BEGIN
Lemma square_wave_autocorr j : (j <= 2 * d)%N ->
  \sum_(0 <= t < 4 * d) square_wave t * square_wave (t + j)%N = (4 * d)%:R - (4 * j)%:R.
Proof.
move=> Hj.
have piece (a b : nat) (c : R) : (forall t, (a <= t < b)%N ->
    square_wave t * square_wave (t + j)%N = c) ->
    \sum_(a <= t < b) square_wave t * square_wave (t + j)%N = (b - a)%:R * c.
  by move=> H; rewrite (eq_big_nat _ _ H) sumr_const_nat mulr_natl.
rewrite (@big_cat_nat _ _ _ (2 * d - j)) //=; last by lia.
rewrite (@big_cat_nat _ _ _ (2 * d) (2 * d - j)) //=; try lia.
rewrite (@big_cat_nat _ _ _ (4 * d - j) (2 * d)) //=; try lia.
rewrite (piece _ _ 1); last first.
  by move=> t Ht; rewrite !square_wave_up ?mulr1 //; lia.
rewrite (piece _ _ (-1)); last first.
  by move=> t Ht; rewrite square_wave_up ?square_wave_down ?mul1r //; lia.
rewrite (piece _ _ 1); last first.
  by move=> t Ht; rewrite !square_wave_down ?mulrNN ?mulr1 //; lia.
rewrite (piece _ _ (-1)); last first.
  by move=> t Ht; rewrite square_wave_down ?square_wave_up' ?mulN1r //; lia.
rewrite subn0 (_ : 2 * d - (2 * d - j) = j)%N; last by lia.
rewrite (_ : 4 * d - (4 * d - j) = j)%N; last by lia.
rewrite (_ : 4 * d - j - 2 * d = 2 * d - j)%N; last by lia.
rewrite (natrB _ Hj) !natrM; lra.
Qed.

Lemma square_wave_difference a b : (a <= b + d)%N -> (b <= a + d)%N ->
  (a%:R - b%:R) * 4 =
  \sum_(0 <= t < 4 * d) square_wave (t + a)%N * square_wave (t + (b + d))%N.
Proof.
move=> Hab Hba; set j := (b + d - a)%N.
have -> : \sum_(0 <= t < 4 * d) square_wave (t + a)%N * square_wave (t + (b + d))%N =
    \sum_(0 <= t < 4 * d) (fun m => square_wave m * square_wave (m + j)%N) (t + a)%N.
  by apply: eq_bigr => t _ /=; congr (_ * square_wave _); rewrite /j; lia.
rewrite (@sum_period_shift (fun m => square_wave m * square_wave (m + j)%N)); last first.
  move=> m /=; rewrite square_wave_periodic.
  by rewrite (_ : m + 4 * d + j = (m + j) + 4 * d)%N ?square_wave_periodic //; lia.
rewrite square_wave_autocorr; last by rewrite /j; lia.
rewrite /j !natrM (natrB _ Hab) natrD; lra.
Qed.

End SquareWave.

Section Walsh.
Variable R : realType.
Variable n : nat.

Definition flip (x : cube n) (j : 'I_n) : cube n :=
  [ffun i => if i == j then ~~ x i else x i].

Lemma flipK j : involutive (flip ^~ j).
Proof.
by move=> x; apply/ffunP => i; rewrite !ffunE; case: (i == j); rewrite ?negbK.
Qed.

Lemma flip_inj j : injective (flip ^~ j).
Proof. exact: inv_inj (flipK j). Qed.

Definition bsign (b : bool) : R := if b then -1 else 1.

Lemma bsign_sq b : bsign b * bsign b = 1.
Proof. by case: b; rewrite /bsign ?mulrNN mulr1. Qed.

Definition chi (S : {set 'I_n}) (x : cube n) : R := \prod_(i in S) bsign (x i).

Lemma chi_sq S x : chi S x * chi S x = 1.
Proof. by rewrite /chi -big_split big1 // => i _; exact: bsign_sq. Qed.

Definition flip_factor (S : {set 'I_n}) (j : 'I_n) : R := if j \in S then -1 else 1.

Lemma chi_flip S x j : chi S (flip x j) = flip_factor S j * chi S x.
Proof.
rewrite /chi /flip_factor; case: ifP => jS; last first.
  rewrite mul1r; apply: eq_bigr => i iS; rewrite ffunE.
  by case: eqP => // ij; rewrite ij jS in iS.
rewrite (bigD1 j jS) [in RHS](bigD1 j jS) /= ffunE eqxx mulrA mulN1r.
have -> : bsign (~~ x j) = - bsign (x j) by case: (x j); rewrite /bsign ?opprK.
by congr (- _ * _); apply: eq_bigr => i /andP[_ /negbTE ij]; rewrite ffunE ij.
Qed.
END
BEGIN
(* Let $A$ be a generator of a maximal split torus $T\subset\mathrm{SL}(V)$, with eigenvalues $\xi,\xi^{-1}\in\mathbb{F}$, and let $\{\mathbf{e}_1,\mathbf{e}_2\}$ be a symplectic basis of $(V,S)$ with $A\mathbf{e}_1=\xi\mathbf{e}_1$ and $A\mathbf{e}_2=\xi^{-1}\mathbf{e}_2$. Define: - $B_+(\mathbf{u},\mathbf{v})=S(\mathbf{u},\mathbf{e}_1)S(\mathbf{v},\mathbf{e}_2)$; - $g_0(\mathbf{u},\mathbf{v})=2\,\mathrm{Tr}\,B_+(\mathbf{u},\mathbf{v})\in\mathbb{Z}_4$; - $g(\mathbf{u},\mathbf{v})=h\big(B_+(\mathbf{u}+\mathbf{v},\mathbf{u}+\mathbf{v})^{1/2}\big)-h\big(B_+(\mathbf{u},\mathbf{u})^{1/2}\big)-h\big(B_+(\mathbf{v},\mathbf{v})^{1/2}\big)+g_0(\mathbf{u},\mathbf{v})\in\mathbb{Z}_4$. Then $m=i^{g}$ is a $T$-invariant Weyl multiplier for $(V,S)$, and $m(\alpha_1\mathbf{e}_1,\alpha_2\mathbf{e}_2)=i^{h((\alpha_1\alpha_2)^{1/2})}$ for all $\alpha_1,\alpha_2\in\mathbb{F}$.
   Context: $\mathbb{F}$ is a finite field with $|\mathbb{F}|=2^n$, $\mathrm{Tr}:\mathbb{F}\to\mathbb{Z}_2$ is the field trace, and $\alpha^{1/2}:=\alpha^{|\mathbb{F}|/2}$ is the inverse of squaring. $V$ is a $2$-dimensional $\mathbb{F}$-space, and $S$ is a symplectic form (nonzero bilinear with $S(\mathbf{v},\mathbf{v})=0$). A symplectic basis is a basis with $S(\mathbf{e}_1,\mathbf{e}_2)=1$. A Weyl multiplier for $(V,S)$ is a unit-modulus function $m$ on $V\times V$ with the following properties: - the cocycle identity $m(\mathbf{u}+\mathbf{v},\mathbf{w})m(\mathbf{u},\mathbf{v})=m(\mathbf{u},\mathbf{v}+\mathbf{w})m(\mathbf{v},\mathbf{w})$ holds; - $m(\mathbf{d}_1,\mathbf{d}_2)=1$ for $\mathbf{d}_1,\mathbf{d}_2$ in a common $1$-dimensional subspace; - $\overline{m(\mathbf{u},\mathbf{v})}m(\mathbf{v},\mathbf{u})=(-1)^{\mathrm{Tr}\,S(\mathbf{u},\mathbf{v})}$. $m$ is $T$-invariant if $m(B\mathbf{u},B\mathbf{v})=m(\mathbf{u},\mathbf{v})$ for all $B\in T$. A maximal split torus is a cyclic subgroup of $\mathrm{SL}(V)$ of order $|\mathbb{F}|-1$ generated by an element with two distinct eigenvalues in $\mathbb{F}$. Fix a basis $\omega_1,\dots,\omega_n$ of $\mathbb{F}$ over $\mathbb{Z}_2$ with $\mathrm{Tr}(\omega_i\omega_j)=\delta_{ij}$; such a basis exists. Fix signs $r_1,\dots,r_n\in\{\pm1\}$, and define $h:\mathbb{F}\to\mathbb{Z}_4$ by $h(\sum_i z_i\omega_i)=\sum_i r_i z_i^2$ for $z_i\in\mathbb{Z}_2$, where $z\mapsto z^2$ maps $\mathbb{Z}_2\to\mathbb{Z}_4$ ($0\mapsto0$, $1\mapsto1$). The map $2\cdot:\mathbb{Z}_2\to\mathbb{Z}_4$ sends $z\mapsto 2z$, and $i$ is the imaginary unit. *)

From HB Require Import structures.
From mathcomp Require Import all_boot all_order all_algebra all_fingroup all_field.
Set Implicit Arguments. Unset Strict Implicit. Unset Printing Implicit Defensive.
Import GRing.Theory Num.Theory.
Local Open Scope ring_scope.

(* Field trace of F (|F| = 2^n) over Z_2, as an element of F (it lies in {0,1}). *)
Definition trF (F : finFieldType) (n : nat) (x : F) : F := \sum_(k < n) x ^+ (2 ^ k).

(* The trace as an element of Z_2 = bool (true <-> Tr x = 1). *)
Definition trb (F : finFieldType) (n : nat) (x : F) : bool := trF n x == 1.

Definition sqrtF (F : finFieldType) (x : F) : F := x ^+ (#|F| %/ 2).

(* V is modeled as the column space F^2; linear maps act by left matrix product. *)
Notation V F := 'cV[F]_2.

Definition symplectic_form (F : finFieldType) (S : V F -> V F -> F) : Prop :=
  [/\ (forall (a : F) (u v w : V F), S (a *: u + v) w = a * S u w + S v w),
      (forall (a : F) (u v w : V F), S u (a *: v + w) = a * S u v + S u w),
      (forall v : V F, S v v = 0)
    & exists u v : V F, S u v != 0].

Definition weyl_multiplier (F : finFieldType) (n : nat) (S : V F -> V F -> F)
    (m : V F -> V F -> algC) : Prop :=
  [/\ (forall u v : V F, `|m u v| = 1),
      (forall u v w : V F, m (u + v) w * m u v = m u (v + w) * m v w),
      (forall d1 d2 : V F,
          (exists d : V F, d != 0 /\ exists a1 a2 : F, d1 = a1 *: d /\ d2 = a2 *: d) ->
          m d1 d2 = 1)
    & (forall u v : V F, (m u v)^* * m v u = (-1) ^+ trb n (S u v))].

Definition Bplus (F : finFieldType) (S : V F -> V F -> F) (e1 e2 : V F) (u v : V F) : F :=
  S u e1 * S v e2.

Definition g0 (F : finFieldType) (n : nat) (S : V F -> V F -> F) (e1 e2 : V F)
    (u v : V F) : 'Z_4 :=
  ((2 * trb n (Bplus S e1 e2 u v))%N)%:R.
END
BEGIN
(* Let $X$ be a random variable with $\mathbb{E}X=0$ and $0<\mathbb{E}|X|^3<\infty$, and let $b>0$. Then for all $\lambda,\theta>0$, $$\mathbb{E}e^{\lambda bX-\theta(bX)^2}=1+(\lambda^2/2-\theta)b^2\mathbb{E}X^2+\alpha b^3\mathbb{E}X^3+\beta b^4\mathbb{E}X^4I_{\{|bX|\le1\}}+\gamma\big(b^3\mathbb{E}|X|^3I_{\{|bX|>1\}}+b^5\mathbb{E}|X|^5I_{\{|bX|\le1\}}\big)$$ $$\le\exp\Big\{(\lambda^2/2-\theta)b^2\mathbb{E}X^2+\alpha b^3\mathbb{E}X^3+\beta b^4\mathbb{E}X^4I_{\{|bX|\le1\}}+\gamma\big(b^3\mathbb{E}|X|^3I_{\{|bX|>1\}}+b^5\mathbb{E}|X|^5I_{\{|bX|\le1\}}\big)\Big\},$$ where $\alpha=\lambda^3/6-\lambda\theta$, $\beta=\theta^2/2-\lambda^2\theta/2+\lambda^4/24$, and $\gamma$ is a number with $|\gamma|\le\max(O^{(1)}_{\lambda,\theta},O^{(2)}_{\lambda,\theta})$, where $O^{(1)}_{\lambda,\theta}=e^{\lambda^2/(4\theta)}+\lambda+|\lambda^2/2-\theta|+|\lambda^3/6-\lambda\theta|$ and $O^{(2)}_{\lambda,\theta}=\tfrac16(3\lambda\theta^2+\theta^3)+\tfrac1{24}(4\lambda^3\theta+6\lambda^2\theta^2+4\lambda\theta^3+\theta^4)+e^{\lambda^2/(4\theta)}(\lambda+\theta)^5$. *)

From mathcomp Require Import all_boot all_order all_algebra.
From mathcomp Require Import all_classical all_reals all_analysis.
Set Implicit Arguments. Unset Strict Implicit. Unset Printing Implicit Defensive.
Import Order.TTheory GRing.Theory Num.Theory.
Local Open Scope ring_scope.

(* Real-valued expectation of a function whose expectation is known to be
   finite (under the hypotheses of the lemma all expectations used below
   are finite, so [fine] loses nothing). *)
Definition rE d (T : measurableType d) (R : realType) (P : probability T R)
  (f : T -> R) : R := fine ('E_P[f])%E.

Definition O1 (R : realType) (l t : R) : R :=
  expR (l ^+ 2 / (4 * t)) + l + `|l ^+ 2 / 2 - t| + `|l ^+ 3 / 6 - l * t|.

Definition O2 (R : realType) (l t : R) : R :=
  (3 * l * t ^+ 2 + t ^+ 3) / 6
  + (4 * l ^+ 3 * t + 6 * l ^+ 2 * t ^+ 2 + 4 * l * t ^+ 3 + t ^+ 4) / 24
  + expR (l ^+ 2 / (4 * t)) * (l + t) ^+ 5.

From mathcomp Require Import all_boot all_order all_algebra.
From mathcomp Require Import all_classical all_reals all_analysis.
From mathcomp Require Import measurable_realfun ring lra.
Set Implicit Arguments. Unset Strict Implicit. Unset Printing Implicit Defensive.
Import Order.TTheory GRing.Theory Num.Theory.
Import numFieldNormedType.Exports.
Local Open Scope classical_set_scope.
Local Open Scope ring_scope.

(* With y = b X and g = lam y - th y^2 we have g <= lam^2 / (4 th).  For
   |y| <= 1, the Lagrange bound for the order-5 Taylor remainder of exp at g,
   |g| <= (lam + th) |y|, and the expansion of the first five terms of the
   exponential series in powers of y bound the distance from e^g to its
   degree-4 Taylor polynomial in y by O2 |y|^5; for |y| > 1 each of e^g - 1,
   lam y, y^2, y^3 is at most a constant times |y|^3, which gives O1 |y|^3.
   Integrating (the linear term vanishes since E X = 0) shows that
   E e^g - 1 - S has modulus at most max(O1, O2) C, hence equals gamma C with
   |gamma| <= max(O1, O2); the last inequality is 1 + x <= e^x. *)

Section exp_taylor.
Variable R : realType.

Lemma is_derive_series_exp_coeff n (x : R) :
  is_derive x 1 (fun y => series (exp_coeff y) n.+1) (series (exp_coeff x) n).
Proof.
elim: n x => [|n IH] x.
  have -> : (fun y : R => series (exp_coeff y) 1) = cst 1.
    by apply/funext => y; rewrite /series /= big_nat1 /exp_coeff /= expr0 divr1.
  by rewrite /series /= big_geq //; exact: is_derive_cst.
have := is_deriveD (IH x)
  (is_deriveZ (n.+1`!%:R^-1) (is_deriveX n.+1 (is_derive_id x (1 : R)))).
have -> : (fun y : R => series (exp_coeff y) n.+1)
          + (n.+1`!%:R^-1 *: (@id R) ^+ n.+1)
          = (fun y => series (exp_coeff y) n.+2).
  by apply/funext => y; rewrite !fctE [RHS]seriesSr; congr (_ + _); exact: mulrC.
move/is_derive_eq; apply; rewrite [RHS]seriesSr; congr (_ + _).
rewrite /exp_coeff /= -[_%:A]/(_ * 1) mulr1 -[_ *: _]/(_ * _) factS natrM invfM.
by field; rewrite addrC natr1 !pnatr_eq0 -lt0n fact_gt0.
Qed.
END
TASK ITEM:
In the listing above, locate the line containing "by rewrite (_" and the line containing "Proof. by rewrite", then transcribe both and every line between them verbatim.

RESULT:
  by rewrite (_ : m + 4 * d + j = (m + j) + 4 * d)%N ?square_wave_periodic //; lia.
rewrite square_wave_autocorr; last by rewrite /j; lia.
rewrite /j !natrM (natrB _ Hab) natrD; lra.
Qed.

End SquareWave.

Section Walsh.
Variable R : realType.
Variable n : nat.

Definition flip (x : cube n) (j : 'I_n) : cube n :=
  [ffun i => if i == j then ~~ x i else x i].

Lemma flipK j : involutive (flip ^~ j).
Proof.
by move=> x; apply/ffunP => i; rewrite !ffunE; case: (i == j); rewrite ?negbK.
Qed.

Lemma flip_inj j : injective (flip ^~ j).
Proof. exact: inv_inj (flipK j). Qed.

Definition bsign (b : bool) : R := if b then -1 else 1.

Lemma bsign_sq b : bsign b * bsign b = 1.
Proof. by case: b; rewrite /bsign ?mulrNN mulr1. Qed.

Definition chi (S : {set 'I_n}) (x : cube n) : R := \prod_(i in S) bsign (x i).

Lemma chi_sq S x : chi S x * chi S x = 1.
Proof. by rewrite /chi -big_split big1 // => i _; exact: bsign_sq. Qed.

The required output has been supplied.